Supplied data section start
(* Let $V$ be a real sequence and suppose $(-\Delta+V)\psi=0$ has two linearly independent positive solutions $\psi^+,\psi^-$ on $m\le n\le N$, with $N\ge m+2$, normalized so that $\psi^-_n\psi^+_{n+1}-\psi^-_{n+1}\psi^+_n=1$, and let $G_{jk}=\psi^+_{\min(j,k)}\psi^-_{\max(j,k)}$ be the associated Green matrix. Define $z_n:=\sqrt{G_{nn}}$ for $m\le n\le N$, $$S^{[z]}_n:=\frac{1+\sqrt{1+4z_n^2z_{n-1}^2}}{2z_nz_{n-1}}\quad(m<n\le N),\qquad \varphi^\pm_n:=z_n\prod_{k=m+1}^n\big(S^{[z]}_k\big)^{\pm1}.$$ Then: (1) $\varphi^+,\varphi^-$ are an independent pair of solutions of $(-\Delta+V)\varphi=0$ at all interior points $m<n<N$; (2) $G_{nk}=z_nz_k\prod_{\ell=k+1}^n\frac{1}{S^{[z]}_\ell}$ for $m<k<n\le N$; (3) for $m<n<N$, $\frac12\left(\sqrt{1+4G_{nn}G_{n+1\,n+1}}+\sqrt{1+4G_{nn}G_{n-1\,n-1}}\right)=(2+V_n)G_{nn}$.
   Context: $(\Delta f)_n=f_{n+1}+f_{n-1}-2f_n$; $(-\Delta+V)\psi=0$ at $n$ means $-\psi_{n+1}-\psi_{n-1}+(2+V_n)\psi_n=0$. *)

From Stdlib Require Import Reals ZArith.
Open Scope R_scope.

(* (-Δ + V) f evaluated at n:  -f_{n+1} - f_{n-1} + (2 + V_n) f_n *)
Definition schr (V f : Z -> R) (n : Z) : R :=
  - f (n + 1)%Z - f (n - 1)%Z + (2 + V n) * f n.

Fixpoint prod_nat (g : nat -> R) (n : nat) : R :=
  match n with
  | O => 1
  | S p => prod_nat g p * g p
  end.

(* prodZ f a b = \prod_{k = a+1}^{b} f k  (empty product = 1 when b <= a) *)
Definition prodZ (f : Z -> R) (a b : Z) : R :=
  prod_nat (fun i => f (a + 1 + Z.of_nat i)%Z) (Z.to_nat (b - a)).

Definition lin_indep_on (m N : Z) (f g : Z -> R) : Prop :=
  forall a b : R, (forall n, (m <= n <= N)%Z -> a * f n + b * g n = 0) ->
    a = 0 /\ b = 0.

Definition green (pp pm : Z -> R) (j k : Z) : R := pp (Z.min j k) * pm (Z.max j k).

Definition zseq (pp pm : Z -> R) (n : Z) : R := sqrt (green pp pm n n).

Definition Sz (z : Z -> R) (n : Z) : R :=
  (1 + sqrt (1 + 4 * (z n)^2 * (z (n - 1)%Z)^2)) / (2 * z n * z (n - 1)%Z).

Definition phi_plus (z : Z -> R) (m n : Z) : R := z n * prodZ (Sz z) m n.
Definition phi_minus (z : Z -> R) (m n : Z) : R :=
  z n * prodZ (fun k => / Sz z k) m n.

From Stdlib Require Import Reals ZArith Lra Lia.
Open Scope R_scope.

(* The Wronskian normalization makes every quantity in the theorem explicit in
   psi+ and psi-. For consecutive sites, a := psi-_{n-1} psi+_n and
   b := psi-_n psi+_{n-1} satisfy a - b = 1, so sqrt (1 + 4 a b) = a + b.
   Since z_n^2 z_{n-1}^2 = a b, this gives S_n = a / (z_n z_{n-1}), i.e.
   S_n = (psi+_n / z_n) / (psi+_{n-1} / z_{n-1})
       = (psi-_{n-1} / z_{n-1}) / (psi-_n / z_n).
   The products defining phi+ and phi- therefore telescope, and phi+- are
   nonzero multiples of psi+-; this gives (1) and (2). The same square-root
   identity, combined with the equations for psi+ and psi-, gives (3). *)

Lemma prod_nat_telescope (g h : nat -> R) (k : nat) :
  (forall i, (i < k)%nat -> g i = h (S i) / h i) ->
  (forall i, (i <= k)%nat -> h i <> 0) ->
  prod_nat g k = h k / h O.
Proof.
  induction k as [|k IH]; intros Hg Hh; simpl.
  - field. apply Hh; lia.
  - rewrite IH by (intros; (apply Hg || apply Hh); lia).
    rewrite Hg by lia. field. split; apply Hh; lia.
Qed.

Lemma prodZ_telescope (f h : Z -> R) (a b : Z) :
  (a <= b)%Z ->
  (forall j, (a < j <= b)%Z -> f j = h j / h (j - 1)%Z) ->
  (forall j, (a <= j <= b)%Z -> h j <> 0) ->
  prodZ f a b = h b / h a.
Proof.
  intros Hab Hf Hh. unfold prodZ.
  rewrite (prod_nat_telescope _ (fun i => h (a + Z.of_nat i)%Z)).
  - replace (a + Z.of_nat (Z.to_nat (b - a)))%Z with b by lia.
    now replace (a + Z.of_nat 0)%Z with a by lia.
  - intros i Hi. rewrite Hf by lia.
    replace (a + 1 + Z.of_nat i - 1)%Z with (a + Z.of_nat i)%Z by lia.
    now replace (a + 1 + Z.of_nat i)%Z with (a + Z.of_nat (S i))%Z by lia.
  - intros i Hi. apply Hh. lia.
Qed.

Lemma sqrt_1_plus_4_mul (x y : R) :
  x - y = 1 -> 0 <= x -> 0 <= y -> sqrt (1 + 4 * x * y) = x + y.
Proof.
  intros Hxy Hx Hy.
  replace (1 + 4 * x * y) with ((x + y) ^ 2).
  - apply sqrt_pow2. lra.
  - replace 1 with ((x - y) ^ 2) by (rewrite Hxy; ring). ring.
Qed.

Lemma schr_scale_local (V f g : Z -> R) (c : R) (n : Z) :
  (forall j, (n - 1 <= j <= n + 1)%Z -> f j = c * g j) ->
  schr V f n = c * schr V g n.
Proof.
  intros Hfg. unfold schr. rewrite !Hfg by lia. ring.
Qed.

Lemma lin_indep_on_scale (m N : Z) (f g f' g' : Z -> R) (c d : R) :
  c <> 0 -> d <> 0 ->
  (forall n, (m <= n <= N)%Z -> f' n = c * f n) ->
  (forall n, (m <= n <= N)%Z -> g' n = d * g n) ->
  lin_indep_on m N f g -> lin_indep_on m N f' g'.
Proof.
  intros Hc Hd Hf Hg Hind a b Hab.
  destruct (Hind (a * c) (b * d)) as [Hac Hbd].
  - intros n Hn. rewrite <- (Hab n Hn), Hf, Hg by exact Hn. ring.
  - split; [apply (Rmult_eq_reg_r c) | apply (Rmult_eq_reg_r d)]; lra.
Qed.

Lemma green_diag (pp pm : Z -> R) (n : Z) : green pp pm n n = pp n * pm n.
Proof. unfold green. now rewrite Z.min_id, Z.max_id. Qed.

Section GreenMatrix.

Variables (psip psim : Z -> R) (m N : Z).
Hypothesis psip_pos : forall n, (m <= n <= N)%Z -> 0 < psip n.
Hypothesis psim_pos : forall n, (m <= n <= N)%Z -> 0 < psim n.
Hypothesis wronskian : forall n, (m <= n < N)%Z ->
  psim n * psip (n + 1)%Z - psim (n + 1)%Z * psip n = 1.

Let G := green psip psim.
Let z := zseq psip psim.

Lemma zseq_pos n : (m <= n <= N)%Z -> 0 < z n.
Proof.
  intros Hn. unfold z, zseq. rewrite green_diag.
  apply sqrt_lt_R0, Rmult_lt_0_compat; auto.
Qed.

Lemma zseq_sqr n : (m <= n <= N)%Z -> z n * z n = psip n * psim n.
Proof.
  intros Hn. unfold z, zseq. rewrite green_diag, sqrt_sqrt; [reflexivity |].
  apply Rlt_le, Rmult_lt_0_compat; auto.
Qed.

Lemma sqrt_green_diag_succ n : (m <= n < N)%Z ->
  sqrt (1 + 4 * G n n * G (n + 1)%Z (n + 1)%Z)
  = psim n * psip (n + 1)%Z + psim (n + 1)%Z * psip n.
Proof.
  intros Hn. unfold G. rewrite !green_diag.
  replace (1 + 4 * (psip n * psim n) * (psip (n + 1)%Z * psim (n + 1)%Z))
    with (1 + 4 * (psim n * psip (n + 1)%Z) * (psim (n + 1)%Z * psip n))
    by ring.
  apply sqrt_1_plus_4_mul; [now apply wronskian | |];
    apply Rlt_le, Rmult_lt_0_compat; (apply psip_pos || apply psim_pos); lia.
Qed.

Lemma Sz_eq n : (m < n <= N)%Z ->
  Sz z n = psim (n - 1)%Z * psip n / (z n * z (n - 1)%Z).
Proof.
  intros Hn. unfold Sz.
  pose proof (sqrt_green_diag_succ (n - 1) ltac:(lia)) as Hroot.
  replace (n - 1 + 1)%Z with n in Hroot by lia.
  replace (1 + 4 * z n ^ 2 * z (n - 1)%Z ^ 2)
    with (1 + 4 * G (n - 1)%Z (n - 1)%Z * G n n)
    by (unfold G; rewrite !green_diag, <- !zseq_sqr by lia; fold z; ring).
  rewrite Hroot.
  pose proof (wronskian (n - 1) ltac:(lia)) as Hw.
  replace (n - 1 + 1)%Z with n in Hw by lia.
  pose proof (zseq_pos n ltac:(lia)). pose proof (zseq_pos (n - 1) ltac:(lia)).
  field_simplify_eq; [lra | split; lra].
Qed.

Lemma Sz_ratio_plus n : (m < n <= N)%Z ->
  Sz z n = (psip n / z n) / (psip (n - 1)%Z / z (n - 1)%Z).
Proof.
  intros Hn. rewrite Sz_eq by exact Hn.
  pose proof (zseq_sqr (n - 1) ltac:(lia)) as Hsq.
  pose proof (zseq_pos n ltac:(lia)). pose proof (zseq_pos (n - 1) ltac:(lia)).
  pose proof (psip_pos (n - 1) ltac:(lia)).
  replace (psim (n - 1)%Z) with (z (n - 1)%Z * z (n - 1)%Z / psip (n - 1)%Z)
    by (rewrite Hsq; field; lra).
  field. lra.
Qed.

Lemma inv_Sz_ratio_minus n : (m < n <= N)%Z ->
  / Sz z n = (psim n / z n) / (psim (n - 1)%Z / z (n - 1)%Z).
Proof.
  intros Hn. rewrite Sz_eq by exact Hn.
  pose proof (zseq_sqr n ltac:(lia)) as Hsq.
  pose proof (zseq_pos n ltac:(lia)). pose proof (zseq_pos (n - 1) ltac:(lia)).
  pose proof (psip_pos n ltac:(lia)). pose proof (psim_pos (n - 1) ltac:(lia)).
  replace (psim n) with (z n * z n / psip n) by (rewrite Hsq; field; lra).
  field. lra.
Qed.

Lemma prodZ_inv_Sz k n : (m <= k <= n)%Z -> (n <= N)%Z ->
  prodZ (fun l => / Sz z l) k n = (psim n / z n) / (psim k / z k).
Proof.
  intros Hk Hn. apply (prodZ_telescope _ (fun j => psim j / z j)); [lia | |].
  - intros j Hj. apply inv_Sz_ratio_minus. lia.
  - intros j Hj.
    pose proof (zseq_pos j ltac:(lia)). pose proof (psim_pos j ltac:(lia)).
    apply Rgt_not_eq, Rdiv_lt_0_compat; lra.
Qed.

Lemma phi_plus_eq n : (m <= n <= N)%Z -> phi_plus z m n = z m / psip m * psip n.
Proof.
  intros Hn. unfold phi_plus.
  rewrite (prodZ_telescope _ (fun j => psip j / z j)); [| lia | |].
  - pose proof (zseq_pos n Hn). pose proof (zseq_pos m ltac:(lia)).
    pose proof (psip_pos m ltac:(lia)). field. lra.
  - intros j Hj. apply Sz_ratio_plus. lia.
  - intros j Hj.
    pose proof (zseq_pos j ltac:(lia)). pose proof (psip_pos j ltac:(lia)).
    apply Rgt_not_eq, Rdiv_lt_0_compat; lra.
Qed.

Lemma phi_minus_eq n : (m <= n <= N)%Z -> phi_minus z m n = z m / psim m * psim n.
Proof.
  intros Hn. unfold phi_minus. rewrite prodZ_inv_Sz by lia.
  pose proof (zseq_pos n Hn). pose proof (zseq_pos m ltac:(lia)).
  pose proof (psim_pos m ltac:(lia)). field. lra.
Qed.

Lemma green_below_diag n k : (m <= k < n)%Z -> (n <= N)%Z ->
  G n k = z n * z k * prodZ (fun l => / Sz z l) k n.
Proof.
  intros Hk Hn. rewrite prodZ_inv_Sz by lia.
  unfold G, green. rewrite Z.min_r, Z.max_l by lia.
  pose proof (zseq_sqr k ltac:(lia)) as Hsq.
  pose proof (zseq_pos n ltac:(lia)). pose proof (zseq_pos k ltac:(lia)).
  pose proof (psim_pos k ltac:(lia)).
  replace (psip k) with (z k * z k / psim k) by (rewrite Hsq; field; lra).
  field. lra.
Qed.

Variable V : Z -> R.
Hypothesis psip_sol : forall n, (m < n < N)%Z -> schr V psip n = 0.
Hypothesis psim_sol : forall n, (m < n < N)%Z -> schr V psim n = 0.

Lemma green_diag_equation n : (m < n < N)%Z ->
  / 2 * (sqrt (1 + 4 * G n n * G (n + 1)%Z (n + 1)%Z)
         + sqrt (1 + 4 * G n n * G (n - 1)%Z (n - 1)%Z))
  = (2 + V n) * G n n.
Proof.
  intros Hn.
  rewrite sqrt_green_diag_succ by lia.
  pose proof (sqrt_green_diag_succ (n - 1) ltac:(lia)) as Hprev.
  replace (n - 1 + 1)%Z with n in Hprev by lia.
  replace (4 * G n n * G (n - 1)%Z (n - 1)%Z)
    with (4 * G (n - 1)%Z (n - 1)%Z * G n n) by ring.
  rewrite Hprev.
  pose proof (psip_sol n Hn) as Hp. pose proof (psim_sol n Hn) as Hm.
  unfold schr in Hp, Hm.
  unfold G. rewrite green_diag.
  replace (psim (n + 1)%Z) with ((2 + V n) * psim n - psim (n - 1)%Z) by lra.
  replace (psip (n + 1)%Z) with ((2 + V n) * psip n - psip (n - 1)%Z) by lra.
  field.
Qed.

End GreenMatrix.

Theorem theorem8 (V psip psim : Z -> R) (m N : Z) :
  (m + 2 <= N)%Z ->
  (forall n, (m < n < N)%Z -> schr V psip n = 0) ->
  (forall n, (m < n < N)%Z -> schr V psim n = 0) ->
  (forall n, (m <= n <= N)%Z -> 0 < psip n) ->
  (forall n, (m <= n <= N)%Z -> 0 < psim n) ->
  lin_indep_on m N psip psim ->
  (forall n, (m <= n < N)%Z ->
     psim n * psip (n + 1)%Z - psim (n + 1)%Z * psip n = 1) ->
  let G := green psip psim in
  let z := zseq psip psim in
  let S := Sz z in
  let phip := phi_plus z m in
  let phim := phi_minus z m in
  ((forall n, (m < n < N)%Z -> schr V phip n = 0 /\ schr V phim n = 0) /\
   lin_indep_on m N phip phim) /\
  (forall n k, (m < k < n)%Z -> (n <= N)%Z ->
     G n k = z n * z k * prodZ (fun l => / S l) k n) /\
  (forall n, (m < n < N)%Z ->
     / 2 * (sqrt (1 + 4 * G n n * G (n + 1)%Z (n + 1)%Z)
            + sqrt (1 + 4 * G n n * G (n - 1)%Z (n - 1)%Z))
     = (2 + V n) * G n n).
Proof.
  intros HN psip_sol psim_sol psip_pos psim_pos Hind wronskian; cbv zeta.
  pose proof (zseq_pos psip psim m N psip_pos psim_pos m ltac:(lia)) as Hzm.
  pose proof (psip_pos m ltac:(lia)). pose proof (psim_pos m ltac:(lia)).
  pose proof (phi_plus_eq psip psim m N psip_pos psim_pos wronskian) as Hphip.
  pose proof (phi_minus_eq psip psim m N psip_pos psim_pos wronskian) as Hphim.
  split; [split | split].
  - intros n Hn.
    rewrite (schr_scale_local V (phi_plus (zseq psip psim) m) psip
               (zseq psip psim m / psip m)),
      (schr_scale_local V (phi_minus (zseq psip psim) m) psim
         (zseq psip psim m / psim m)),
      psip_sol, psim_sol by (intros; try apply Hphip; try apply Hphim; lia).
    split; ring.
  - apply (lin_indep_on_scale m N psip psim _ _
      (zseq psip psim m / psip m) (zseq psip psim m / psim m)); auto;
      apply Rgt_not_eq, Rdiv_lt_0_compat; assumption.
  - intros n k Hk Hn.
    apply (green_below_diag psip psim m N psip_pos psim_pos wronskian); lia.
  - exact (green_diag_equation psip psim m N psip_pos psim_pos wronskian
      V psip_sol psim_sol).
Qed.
Supplied data section end
# The problem
Please return the lines above that run from the line containing "intros Hn. unfold z, zseq. rewrite green_diag, sqrt_sqrt;" to the line containing "rewrite Hroot.", inclusive, exactly and with no other lines.

# Reply
  intros Hn. unfold z, zseq. rewrite green_diag, sqrt_sqrt; [reflexivity |].
  apply Rlt_le, Rmult_lt_0_compat; auto.
Qed.

Lemma sqrt_green_diag_succ n : (m <= n < N)%Z ->
  sqrt (1 + 4 * G n n * G (n + 1)%Z (n + 1)%Z)
  = psim n * psip (n + 1)%Z + psim (n + 1)%Z * psip n.
Proof.
  intros Hn. unfold G. rewrite !green_diag.
  replace (1 + 4 * (psip n * psim n) * (psip (n + 1)%Z * psim (n + 1)%Z))
    with (1 + 4 * (psim n * psip (n + 1)%Z) * (psim (n + 1)%Z * psip n))
    by ring.
  apply sqrt_1_plus_4_mul; [now apply wronskian | |];
    apply Rlt_le, Rmult_lt_0_compat; (apply psip_pos || apply psim_pos); lia.
Qed.

Lemma Sz_eq n : (m < n <= N)%Z ->
  Sz z n = psim (n - 1)%Z * psip n / (z n * z (n - 1)%Z).
Proof.
  intros Hn. unfold Sz.
  pose proof (sqrt_green_diag_succ (n - 1) ltac:(lia)) as Hroot.
  replace (n - 1 + 1)%Z with n in Hroot by lia.
  replace (1 + 4 * z n ^ 2 * z (n - 1)%Z ^ 2)
    with (1 + 4 * G (n - 1)%Z (n - 1)%Z * G n n)
    by (unfold G; rewrite !green_diag, <- !zseq_sqr by lia; fold z; ring).
  rewrite Hroot.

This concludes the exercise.